I have a love for all things bright and patterned, so of course I just had to try my hand at these “checkerboard” cookies. I chose to do a white and red pattern, but they would be even more festive in red and green. I think my checkerboarding skills could use a little practice, but they’re not bad for my first try!
P+P Tip: Be super careful in lining up your colors are you’re slicing and stacking the dough. Don’t be afraid to trim off anything that’s not quite square.
- 1 cup unsalted butter, room temperature
- 1 1/2 cup sugar
- 1 1/2 t. baking powder
- 1/2 t. salt
- 1 egg
- 1 t. vanilla
- 2 1/2 cups all-purpose flour
- Red food coloring
- Using an electric mixer, beat the butter for 30 seconds. Add sugar, baking powder, and salt. Mix until combined, scraping sides of bowl occasionally. Beat in egg and vanilla until combined. Gradually add flour until combined.
- Divide dough in half. Add food coloring to one half and mix until fully integrated. Leave the remaining dough portion plain.
- Shape each portion of dough into a 6 inch x 2 inch rectangular log. Wrap each log in plastic wrap or waxed paper. Chill for at least 2 hours or until dough is very firm. Use a sharp knife to cut each log lengthwise into four slices. You should end up with four 6×2-inch pieces from each color of dough.
- Stack four dough slices together, alternating colors. Then repeat that process again so that you have two rectangular logs, each with four layers. Press dough together to seal layers. Wrap each log in plastic wrap or waxed paper. Chill about 30 minutes or until firm.
- Cut each layered log lengthwise into four slices–each slice will have four layers in alternating colors. Stack four dough slices together, alternating colors, to create a checkerboard effect. Trim the edges to neaten up the lines, as necessary. Wrap each log in plastic wrap or waxed paper. Chill about 30 minutes or until firm.

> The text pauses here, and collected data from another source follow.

Lemma telescoper_0 q : telescoper q 0 = RtoC 2.
Proof.
  unfold telescoper. cbn [qpoch Cpow]. transitivity (Cadd Cone Cone); [field; exact (F_1_neq_0 Cfield_theory) |].
  unfold Cadd, Cone, RtoC; simpl. f_equal; ring.
Qed.

Lemma Cmod_sqr_lt1 q : Cmod q < 1 -> Cmod (Cpow q 2) < 1.
Proof. intros Hq. rewrite Cmod_pow. apply pow_lt_1_compat; [split; auto using Cmod_ge0 | lia]. Qed.

Lemma qpoch_opp_neq0 Q n : Cmod Q < 1 -> qpoch (Copp Q) Q n <> Czero.
Proof. intros HQ. apply qpoch_neq0; [rewrite Cmod_opp |]; lra. Qed.

Lemma telescoper_step q N : Cmod q < 1 ->
  Cmul (Cpow q (2 * N + 1))
       (Cdiv (qpoch (Copp q) (Cpow q 2) N) (qpoch (Copp (Cpow q 2)) (Cpow q 2) N))
  = Cmul (Cdiv q (Csub Cone q)) (Csub (telescoper q N) (telescoper q (S N))).
Proof.
  intros Hq. pose proof (Cmod_sqr_lt1 q Hq) as HQ.
  pose proof (qpoch_opp_neq0 _ N HQ) as Hc.
  pose proof (qpoch_opp_neq0 _ (S N) HQ) as Hc'. rewrite qpoch_S in Hc'.
  pose proof (Csub_one_neq0 q Hq) as H1q.
  replace (Cpow q (2 * N + 1)) with (Cmul q (Cpow (Cpow q 2) N))
    by (rewrite Nat.add_comm, <- Cpow_mul; reflexivity).
  unfold telescoper. rewrite !qpoch_S.
  change (Cpow (Cpow q 2) (S N)) with (Cmul (Cpow q 2) (Cpow (Cpow q 2) N)).
  set (X := Cpow (Cpow q 2) N) in *.
  set (c := qpoch (Copp (Cpow q 2)) (Cpow q 2) N) in *.
  assert (Hfactor : Csub Cone (Cmul (Copp (Cpow q 2)) X) <> Czero).
  { intro E. apply Hc'. rewrite E. ring. }
  field. repeat split; assumption.
Qed.

Lemma partial_sum_closed_form q A N : Cmod q < 1 ->
  Csum (fun n => Cmul (Cmul (Cpow q (2 * n + 1)) (qpoch (Copp q) (Cpow q 2) n))
                      (Cdiv A (qpoch (Copp (Cpow q 2)) (Cpow q 2) n))) N
  = Cmul (Cdiv q (Csub Cone q)) (Csub (Cmul A (RtoC 2)) (Cmul A (telescoper q N))).
Proof.
  intros Hq. rewrite (Csum_telescope _ (telescoper q) (Cmul A (Cdiv q (Csub Cone q)))).
  - rewrite telescoper_0. ring.
  - intros n.
    transitivity (Cmul A (Cmul (Cpow q (2 * n + 1))
      (Cdiv (qpoch (Copp q) (Cpow q 2) n) (qpoch (Copp (Cpow q 2)) (Cpow q 2) n)))).
    + unfold Cdiv. ring.
    + rewrite (telescoper_step q n Hq). ring.
Qed.

Lemma telescoper_lim q A B : Cmod q < 1 ->
  qpoch_inf_is (Copp (Cpow q 2)) (Cpow q 2) A -> qpoch_inf_is (Copp q) (Cpow q 2) B ->
  Ccv (fun N => Cmul A (telescoper q N)) (Cmul A (Cdiv B A)).
Proof.
  intros Hq HA HB.
  assert (Hnum : Ccv (fun N => Cmul (qpoch (Copp q) (Cpow q 2) N) (Cadd Cone (Cpow (Cpow q 2) N)))
                     (Cmul B (Cadd Cone Czero))).
  { apply Ccv_mul; [exact HB |].
    apply Ccv_add; [apply Ccv_const | apply Ccv_pow_lt1, Cmod_sqr_lt1, Hq]. }
  replace (Cmul B (Cadd Cone Czero)) with B in Hnum by ring.
  exact (Ccv_mul_div_lim _ _ _ _ Hnum HA).
Qed.

Theorem theorem1p1 (q : Cplx) (hq : Cmod q < 1) :
  exists (P : nat -> Cplx) (A B : Cplx),
    (forall n : nat, qpoch_inf_is (Copp (Cpow q (2 * n + 2))) (Cpow q 2) (P n)) /\
    qpoch_inf_is (Copp (Cpow q 2)) (Cpow q 2) A /\
    qpoch_inf_is (Copp q) (Cpow q 2) B /\
    series_is
      (fun n => Cmul (Cmul (Cpow q (2 * n + 1)) (qpoch (Copp q) (Cpow q 2) n)) (P n))
      (Cmul (Cdiv (Cmul q A) (Csub Cone q)) (Csub (RtoC 2) (Cdiv B A))).
Proof.
  pose proof (Cmod_sqr_lt1 q hq) as HQ.
  destruct (qpoch_inf_exists (Copp (Cpow q 2)) (Cpow q 2) HQ) as [A HA].
  destruct (qpoch_inf_exists (Copp q) (Cpow q 2) HQ) as [B HB].
  exists (fun n => Cdiv A (qpoch (Copp (Cpow q 2)) (Cpow q 2) n)), A, B.
  split; [| split; [exact HA | split; [exact HB |]]].
  - intros n.
    replace (Copp (Cpow q (2 * n + 2))) with (Cmul (Copp (Cpow q 2)) (Cpow (Cpow q 2) n)).
    + apply qpoch_inf_tail; [apply qpoch_opp_neq0, HQ | exact HA].
    + replace (2 * n + 2)%nat with (2 * S n)%nat by lia.
      rewrite Cpow_mul.
      change (Cpow (Cpow q 2) (S n)) with (Cmul (Cpow q 2) (Cpow (Cpow q 2) n)). ring.
  - unfold series_is.
    eapply Ccv_ext; [intros N; symmetry; apply partial_sum_closed_form, hq |].
    replace (Cmul (Cdiv (Cmul q A) (Csub Cone q)) (Csub (RtoC 2) (Cdiv B A)))
      with (Cmul (Cdiv q (Csub Cone q)) (Csub (Cmul A (RtoC 2)) (Cmul A (Cdiv B A))))
      by (unfold Cdiv; ring).
    apply Ccv_mul; [apply Ccv_const |].
    apply Ccv_sub; [apply Ccv_const | apply telescoper_lim; assumption].
Qed.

- Preheat oven to 350 degrees F. Use a sharp knife to cut logs crosswise into 1/4-inch slices. Place the slices 1 inch apart (they will spread during baking) on an ungreased cookie sheet.
- Bake for 8 to 10 minutes or until edges are firm and bottoms are lightly browned. Cookies may still appear soft, but will firm up as they cool. After one minute, transfer cookies to cooling rack to cool completely. minute. Enjoy!